Lemma sturm_zero (al mi mj : R) (u u' v v' : R -> R) :
  bound_state al mi u u' -> bound_state al mj v v' -> mi < mj ->
  (forall x, u x <> 0) -> exists x, v x = 0.
Proof.
  intros Hu Hv Hm Hnz. apply NNPP; intro Hno.
  assert (Hconv : forall x y c : R, True -> True -> x <= c <= y -> True) by auto.
  destruct (bound_state_sign al mi 0 u u' (fun _ => True) Hu Hconv I (fun x _ => Hnz x))
    as [cu [_ [Hcu Hpu]]].
  destruct (bound_state_sign al mj 0 v v' (fun _ => True) Hv Hconv I)
    as [cv [_ [Hcv Hpv]]].
  { intros x _ Hvx. apply Hno. now exists x. }
  apply (sturm_no_positive_pair al mi mj _ _ _ _ Hcu Hcv Hm).
  intros x. split; [apply Hpu|apply Hpv]; exact I.
Qed.

(* A zero of [u] is unique, so [v] has a zero on each side of it, i.e. two zeros. *)
Lemma no_zero_below_bound_state (al mi mj z : R) (u u' v v' : R -> R) : 0 <= al <= 1 ->
  bound_state al mi u u' -> bound_state al mj v v' -> mi < mj -> mj < 234 / 100 ->
  u z = 0 -> False.
Proof.
  intros Hal Hu Hv Hm Hmj Hz.
  assert (Hnz : forall x, x <> z -> u x <> 0).
  { intros x Hx Hux. apply Hx.
    exact (bound_state_zero_unique al mi x z u u' Hal ltac:(lra) Hu Hux Hz). }
  destruct (sturm_zero_right al mi mj z u u' v v' Hu Hv Hm Hz) as [x [Hx Hvx]].
  { intros x Hx. apply Hnz. lra. }
  destruct (sturm_zero_left al mi mj z u u' v v' Hu Hv Hm Hz) as [y [Hy Hvy]].
  { intros y Hy. apply Hnz. lra. }
  pose proof (bound_state_zero_unique al mj x y v v' Hal Hmj Hv Hvx Hvy). lra.
Qed.

Lemma no_three_bound_states_below (al m1 m2 m3 : R) (u1 u1' u2 u2' u3 u3' : R -> R) :
  0 <= al <= 1 -> bound_state al m1 u1 u1' -> bound_state al m2 u2 u2' ->
  bound_state al m3 u3 u3' -> m1 < m2 -> m2 < m3 -> m3 < 234 / 100 -> False.
Proof.
  intros Hal H1 H2 H3 H12 H23 H3b.
  destruct (classic (exists z, u1 z = 0)) as [[z Hz]|Hno].
  - exact (no_zero_below_bound_state al m1 m2 z u1 u1' u2 u2' Hal H1 H2 H12 ltac:(lra) Hz).
  - destruct (sturm_zero al m1 m2 u1 u1' u2 u2' H1 H2 H12) as [z Hz].
    { intros x Hx. apply Hno. now exists x. }
    exact (no_zero_below_bound_state al m2 m3 z u2 u2' u3 u3' Hal H2 H3 H23 H3b Hz).
Qed.

Lemma cbrt_24_25_bounds : 9775 / 10000 <= Rpower (24 / 25) (1 / 3) <= 1.
Proof.
  set (a := Rpower (24 / 25) (1 / 3)).
  assert (Hpos : 0 < a) by apply exp_pos.
  assert (Hcube : a ^ 3 = 24 / 25).
  { rewrite <- Rpower_pow by exact Hpos. unfold a. rewrite Rpower_mult.
    replace (1 / 3 * INR 3) with 1 by (simpl; field). apply Rpower_1. lra. }
  simpl in Hcube. split; apply Rnot_lt_le; intro; nra.
Qed.
(* Let $L$ and $R$ be finite sets of edges (2-subsets of $[n]$) and $M$ a finite set of triangles (3-subsets of $[n]$), satisfying: (LR) there are no $\{l_1<l_2\}\in L$ and $\{r_1<r_2\}\in R$ with $r_1<l_1<r_2<l_2$; (LMR) there are no $\{v_1<v_2\}\in L\cup R$ and $\{w_1<w_2<w_3\}\in M$ with $w_1<v_1<w_2<v_2<w_3$; (MM) there are no $\{v_1<v_2<v_3\},\{w_1<w_2<w_3\}\in M$ with $v_1<w_1<v_2<w_2<v_3<w_3$. For an edge $e=\{v_1<v_2\}$ consider the conditions: (Le) there is no $\{l_1<l_2\}\in L$ with $v_1<l_1<v_2<l_2$; (Me) there is no $\{w_1<w_2<w_3\}\in M$ with $w_1<v_1<w_2<v_2<w_3$; (Re) there is no $\{r_1<r_2\}\in R$ with $r_1<v_1<r_2<v_2$. Let $V\subseteq[n]$ with $|V|\ge3$ be such that every edge of the convex polygon $P=\mathrm{conv}(V)$ (the points $\gamma_2(t_i)$, $i\in V$) satisfies (Le), (Me) and (Re). Then there is a triangulation $T$ of $P$ with vertices in $V$ such that every edge of $T$ satisfies (Le), (Me) and (Re).
   Context: $\gamma_2=\{(t,t^2):t\in\mathbb{R}\}$. Fix $t_1<\dots<t_n$ and identify $\gamma_2(t_i)$ with $i\in[n]$; subsets of $[n]$ are ordered by the usual order of integers. $L$ and $R$ may intersect, and any of $L,M,R$ may be empty. *)

From HB Require Import structures.
From mathcomp Require Import all_boot all_order all_algebra.
Set Implicit Arguments. Unset Strict Implicit. Unset Printing Implicit Defensive.
Import Order.TTheory GRing.Theory Num.Theory.
Local Open Scope ring_scope.

Section Defs.
Variables (R : realFieldType) (n : nat) (t : 'I_n -> R).

Definition pt (i : 'I_n) : R * R := (t i, t i ^+ 2).

Definition conv (S : {set 'I_n}) (x : R * R) : Prop :=
  exists lam : 'I_n -> R,
    [/\ forall i, 0 <= lam i,
        forall i, i \notin S -> lam i = 0,
        \sum_i lam i = 1 &
        x = (\sum_i lam i * (pt i).1, \sum_i lam i * (pt i).2)].

Definition orient (a b c : 'I_n) : R :=
  ((pt b).1 - (pt a).1) * ((pt c).2 - (pt a).2)
  - ((pt b).2 - (pt a).2) * ((pt c).1 - (pt a).1).

(* {a,b} is an edge of the convex polygon conv(V): the line through pt a, pt b
   supports conv(V), i.e. all points of V lie weakly on one side of it. *)
Definition polygon_edge (V : {set 'I_n}) (a b : 'I_n) : Prop :=
  [/\ a \in V, b \in V, a != b &
      (forall c, c \in V -> 0 <= orient a b c) \/
      (forall c, c \in V -> orient a b c <= 0)].

(* T is a triangulation of conv(V) with vertices in V: a set of triangles
   (3-subsets of V) whose convex hulls cover conv(V) and any two of which
   intersect in the convex hull of their common vertices (a common face). *)
Definition is_triangulation (V : {set 'I_n}) (T : {set {set 'I_n}}) : Prop :=
  [/\ forall s, s \in T -> s \subset V /\ #|s| = 3,
      forall x, conv V x <-> exists2 s, s \in T & conv s x &
      forall s1 s2, s1 \in T -> s2 \in T ->
        forall x, (conv s1 x /\ conv s2 x) <-> conv (s1 :&: s2) x].
End Defs.

Section Conds.
Variable n : nat.
Implicit Types (L Rg : {set {set 'I_n}}) (M : {set {set 'I_n}}).

Definition condLR L Rg : Prop :=
  ~ exists l1 l2 r1 r2 : 'I_n,
      [/\ [set l1; l2] \in L, [set r1; r2] \in Rg &
          [/\ (r1 < l1)%N, (l1 < r2)%N & (r2 < l2)%N]].

Definition condLMR L M Rg : Prop :=
  ~ exists v1 v2 w1 w2 w3 : 'I_n,
      [/\ [set v1; v2] \in L :|: Rg, [set w1; w2; w3] \in M &
          [/\ (w1 < v1)%N, (v1 < w2)%N, (w2 < v2)%N & (v2 < w3)%N]].

Definition condMM M : Prop :=
  ~ exists v1 v2 v3 w1 w2 w3 : 'I_n,
      [/\ [set v1; v2; v3] \in M, [set w1; w2; w3] \in M &
          [/\ (v1 < w1)%N, (w1 < v2)%N, (v2 < w2)%N, (w2 < v3)%N & (v3 < w3)%N]].

Definition condLe L (v1 v2 : 'I_n) : Prop :=
  ~ exists l1 l2 : 'I_n,
      [/\ [set l1; l2] \in L, (v1 < l1)%N, (l1 < v2)%N & (v2 < l2)%N].

Definition condMe M (v1 v2 : 'I_n) : Prop :=
  ~ exists w1 w2 w3 : 'I_n,
      [/\ [set w1; w2; w3] \in M &
          [/\ (w1 < v1)%N, (v1 < w2)%N, (w2 < v2)%N & (v2 < w3)%N]].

### PROBLEM REQUIREMENTS
Copy each line in the data that holds the word "orient".

### SOLUTION
Definition orient (a b c : 'I_n) : R :=
      (forall c, c \in V -> 0 <= orient a b c) \/
      (forall c, c \in V -> orient a b c <= 0)].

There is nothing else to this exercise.